Data listing
Lemma Tint_cvg f : {within Th, continuous f} -> Tint n x f @[x --> F] --> Tint n x0 f.
Proof.
move=> fc; move: x0_last_row near_last_row.
case En: n => [|n'] x0_row near_row.
  rewrite Tint0; under eq_cvg do rewrite Tint0.
  apply: cvg_within_comp fc _ _ _; first by apply: cvg_coord.
    by case: x0_row => + _; apply.
  by apply: filterS _ near_row => x [+ _]; apply.
rewrite Tint_succE; under eq_cvg do rewrite Tint_succE.
apply: (@cvg_big R^o _ +%R 0 xpredT add_continuous) => // -[k /= k_lt] _.
have k3_lt : (4 * k + 3 < 2 ^ n'.+2)%N by rewrite !expnS; lia.
apply: cvgM; first by apply: cvgB; apply: Fw_cvg; lia.
have [Thu0 Thv0 umv0] := sorted_row_quartet x0_row k3_lt.
apply: two_point_int_cvg fc _ _ _ Thu0 Thv0 umv0 _; try by apply: cvg_coord; lia.
by apply: filterS _ near_row => x /sorted_row_quartet/(_ k3_lt).
Qed.

End Tint_continuity.

Lemma continuous_normr_powR (R : realType) (p : R) : 1 <= p ->
  continuous (fun t : R => `|t| `^ p).
Proof.
move=> p_ge1 t; have p_neq0 : p != 0 by rewrite gt_eqF // (lt_le_trans ltr01 p_ge1).
have [->|t_neq0] := eqVneq t 0; last first.
  have t_gt0 : `|t| \in `]0, +oo[ by rewrite in_itv /= normr_gt0 t_neq0.
  have powR_cont : {for `|t|, continuous (fun a : R => a `^ p)}.
    exact/differentiable_continuous/derivable1_diffP/derivable_powR.
  exact: (continuous_comp (@norm_continuous _ R^o t) powR_cont).
apply/cvgrPdist_lt => e e_gt0; apply/nbhs_ballP.
exists (Num.min 1 e) => /= [|u]; first by rewrite lt_min ltr01 e_gt0.
rewrite /ball /= sub0r normrN lt_min => /andP[u_lt1 u_lte].
rewrite normr0 powR0 // sub0r normrN ger0_norm ?powR_ge0 //.
have [->|u_neq0] := eqVneq u 0; first by rewrite normr0 powR0.
apply: le_lt_trans u_lte; apply: ge1r_powR => //.
by rewrite normr_gt0 u_neq0 ltW.
Qed.

Lemma le_sum_nat_term (R : numDomainType) (h : nat -> R) a b i :
  (forall k, 0 <= h k) -> (a <= i < b)%N -> h i <= \sum_(a <= k < b) h k.
Proof.
move=> h_ge0 i_in; rewrite (bigD1_seq i) ?mem_index_iota ?iota_uniq //=.
by rewrite lerDl sumr_ge0.
Qed.

Section RBC_arrays.
Variables (R : realType) (Th : set R) (n : nat).
Implicit Types x y : nat -> nat -> R.

Lemma coord_le_arr_dist x y j l : (0 < j <= n.+1)%N -> (0 < l < 2 ^ j)%N ->
  `|x j l - y j l| <= arr_dist n x y.
Proof.
move=> j_in l_in; have sq_ge0 k i : 0 <= (x k i - y k i) ^+ 2 by exact: sqr_ge0.
rewrite /arr_dist -sqrtr_sqr ler_sqrt; last by do 2 (apply: sumr_ge0 => ? _).
have row_le := le_sum_nat_term (h := fun i => (x j i - y j i) ^+ 2) (sq_ge0 j) l_in.
apply: le_trans row_le _.
apply: (le_sum_nat_term (h := fun k => \sum_(1 <= i < 2 ^ k) (x k i - y k i) ^+ 2)).
  by move=> k; apply: sumr_ge0.
exact: j_in.
Qed.

Lemma RBC_regular x : RBC Th n x ->
  forall j a b, (0 < j <= n)%N -> (0 < a < b)%N -> (b < 2 ^ j)%N -> x j a != x j b.
Proof.
move=> [G [_ _ regG sbaG]] j a b /andP[j_gt0 j_le] /andP[a_gt0 ab] b_lt.
have nE : n = (j + (n - j))%N by rewrite subnKC.
have sba_lift c : (0 < c < 2 ^ j)%N -> sba G Th n (c * 2 ^ (n - j)) = (x j c)%:E.
  by move=> c_in; rewrite {1}nE sba_mul_exp2 ?sbaG //; lia.
have b_lift : (b * 2 ^ (n - j) < 2 ^ n)%N by rewrite {2}nE expnD ltn_pmul2r ?expn_gt0.
have ab_lift : (a * 2 ^ (n - j) < b * 2 ^ (n - j))%N by rewrite ltn_pmul2r ?expn_gt0.
have a_lift : (0 < a * 2 ^ (n - j))%N by rewrite muln_gt0 a_gt0 expn_gt0.
have a_in : (0 < a * 2 ^ (n - j) < 2 ^ n)%N.
  by rewrite a_lift (ltn_trans ab_lift b_lift).
have b_in : (0 < b * 2 ^ (n - j) < 2 ^ n)%N.
  by rewrite (ltn_trans a_lift ab_lift) b_lift.
have := regG _ _ a_in b_in (negbT (ltn_eqF ab_lift)).
rewrite !sba_lift; first by apply: contra_neq => ->.
- by rewrite (ltn_trans a_gt0 ab).
- by rewrite a_gt0 (ltn_trans ab b_lt).
Qed.

Lemma RBC_last_row x : admissible_Theta Th -> RBC Th n x ->
  sorted_row_in Th (x n.+1) (2 ^ n.+1).
Proof.
move=> admTh [G [suppG meanG _ sbaG]].
have last_in : (0 < n.+1 <= n.+1)%N by rewrite leqnn.
split => k.
  move=> k_in; have k_le : (k <= 2 ^ n.+1)%N by case/andP: k_in => _ /ltnW.
  exact: (sba_in_Theta admTh suppG meanG _ k_le (sbaG _ _ last_in k_in)).
move=> k_gt0 k_lt; have k_in : (0 < k < 2 ^ n.+1)%N by rewrite k_gt0 ltnW.
have := sba_le_succ admTh suppG meanG (ltn0Sn n) (ltnW k_lt).
by rewrite (sbaG _ _ last_in k_in) (sbaG _ k.+1 last_in) ?lee_fin.
Qed.

End RBC_arrays.

Section RBC_neighbourhoods.
Variables (R : realType) (Th : set R) (n : nat) (x0 : nat -> nat -> R).

Definition RBC_ball (d : R) := [set x | RBC Th n x /\ arr_dist n x x0 < d].

Definition RBC_nbhs := filter_from [set d : R | 0 < d] RBC_ball.

Global Instance RBC_nbhs_filter : Filter RBC_nbhs.
Proof.
apply: filter_from_filter; first by exists 1; rewrite /= ltr01.
move=> d1 d2 d1_gt0 d2_gt0; exists (Num.min d1 d2); first by rewrite /= lt_min d1_gt0.
by move=> x [rbcx]; rewrite /= lt_min => /andP[dx1 dx2].
Qed.

Lemma near_RBC_nbhsP (P : (nat -> nat -> R) -> Prop) :
  (\forall x \near RBC_nbhs, P x) ->
  exists2 d : R, 0 < d & forall x, RBC Th n x -> arr_dist n x x0 < d -> P x.
Proof. by case=> d d_gt0 dP; exists d => // x rbcx dx; exact: dP. Qed.

Hypotheses (admTh : admissible_Theta Th) (rbc0 : RBC Th n x0).

Lemma Tint_near f e : {within Th, continuous f} -> 0 < e ->
  \forall x \near RBC_nbhs, `|Tint n x f - Tint n x0 f| < e.
Proof.
move=> fc e_gt0.
have : Tint n x f @[x --> RBC_nbhs] --> Tint n x0 f.
  apply: Tint_cvg fc.
  - move=> j l j_in l_in; apply/cvgrPdist_lt => d d_gt0; exists d => // x [_ dx].
    by rewrite /= distrC; exact: le_lt_trans (coord_le_arr_dist _ _ j_in l_in) dx.
  - exact: RBC_regular rbc0.
  - exact: RBC_last_row admTh rbc0.
  - by exists 1 => [|x [rbcx _]]; [rewrite /= ltr01|exact: RBC_last_row].
by move=> /cvgrPdist_lt/(_ e e_gt0); apply: filterS => x; rewrite distrC.
Qed.

End RBC_neighbourhoods.

Unset Implicit Arguments. Set Strict Implicit.

Theorem lemma8 (R : realType) (Th : set R) (n : nat) :
  admissible_Theta Th ->
  (* (i) continuity into P(Theta) with the weak topology *)
  (forall x0 : nat -> nat -> R, RBC Th n x0 ->
    forall (m : nat) (f : 'I_m -> R -> R) (eps : 'I_m -> R),
      (forall i, {within Th, continuous (f i)} /\ bounded_on Th (f i)) ->
      (forall i, 0 < eps i) ->
      exists2 d : R, 0 < d &
        forall x, RBC Th n x -> arr_dist n x x0 < d ->
          forall i, `|Tint n x (f i) - Tint n x0 (f i)| < eps i)
  /\
  (* (ii) continuity into P_p(Theta) with the p-Wasserstein-type topology *)
  (forall p : R, 1 <= p ->
   forall x0 : nat -> nat -> R, RBC Th n x0 ->
    forall (m : nat) (f : 'I_m -> R -> R) (eps : 'I_m -> R)
           (use_moment : bool) (eps0 : R),
      (forall i, {within Th, continuous (f i)} /\ bounded_on Th (f i)) ->
      (forall i, 0 < eps i) -> 0 < eps0 ->
      exists2 d : R, 0 < d &
        forall x, RBC Th n x -> arr_dist n x x0 < d ->
          (forall i, `|Tint n x (f i) - Tint n x0 (f i)| < eps i) /\
          (use_moment ->
            `|Tint n x (fun t => `|t| `^ p) - Tint n x0 (fun t => `|t| `^ p)| < eps0)).
Proof.
move=> admTh; split.
  move=> x0 rbc0 m f eps f_ok eps_gt0; apply: near_RBC_nbhsP.
  by apply: filter_forall => i; apply: Tint_near => //; case: (f_ok i).
move=> p p_ge1 x0 rbc0 m f eps mom eps0 f_ok eps_gt0 eps0_gt0.
apply: near_RBC_nbhsP; near=> x; split; [|move=> _]; near: x.
  by apply: filter_forall => i; apply: Tint_near => //; case: (f_ok i).
apply: Tint_near => //; apply: continuous_subspaceT; exact: continuous_normr_powR.
Unshelve. all: by end_near.
Qed.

Work to be completed
The exact lines of the material above starting at the one that contains "by apply: filterS _ near_row => x [+" and ending at the one that contains "apply: two_point_int_cvg fc" are what to retype; leave out everything else.

Response
  by apply: filterS _ near_row => x [+ _]; apply.
rewrite Tint_succE; under eq_cvg do rewrite Tint_succE.
apply: (@cvg_big R^o _ +%R 0 xpredT add_continuous) => // -[k /= k_lt] _.
have k3_lt : (4 * k + 3 < 2 ^ n'.+2)%N by rewrite !expnS; lia.
apply: cvgM; first by apply: cvgB; apply: Fw_cvg; lia.
have [Thu0 Thv0 umv0] := sorted_row_quartet x0_row k3_lt.
apply: two_point_int_cvg fc _ _ _ Thu0 Thv0 umv0 _; try by apply: cvg_coord; lia.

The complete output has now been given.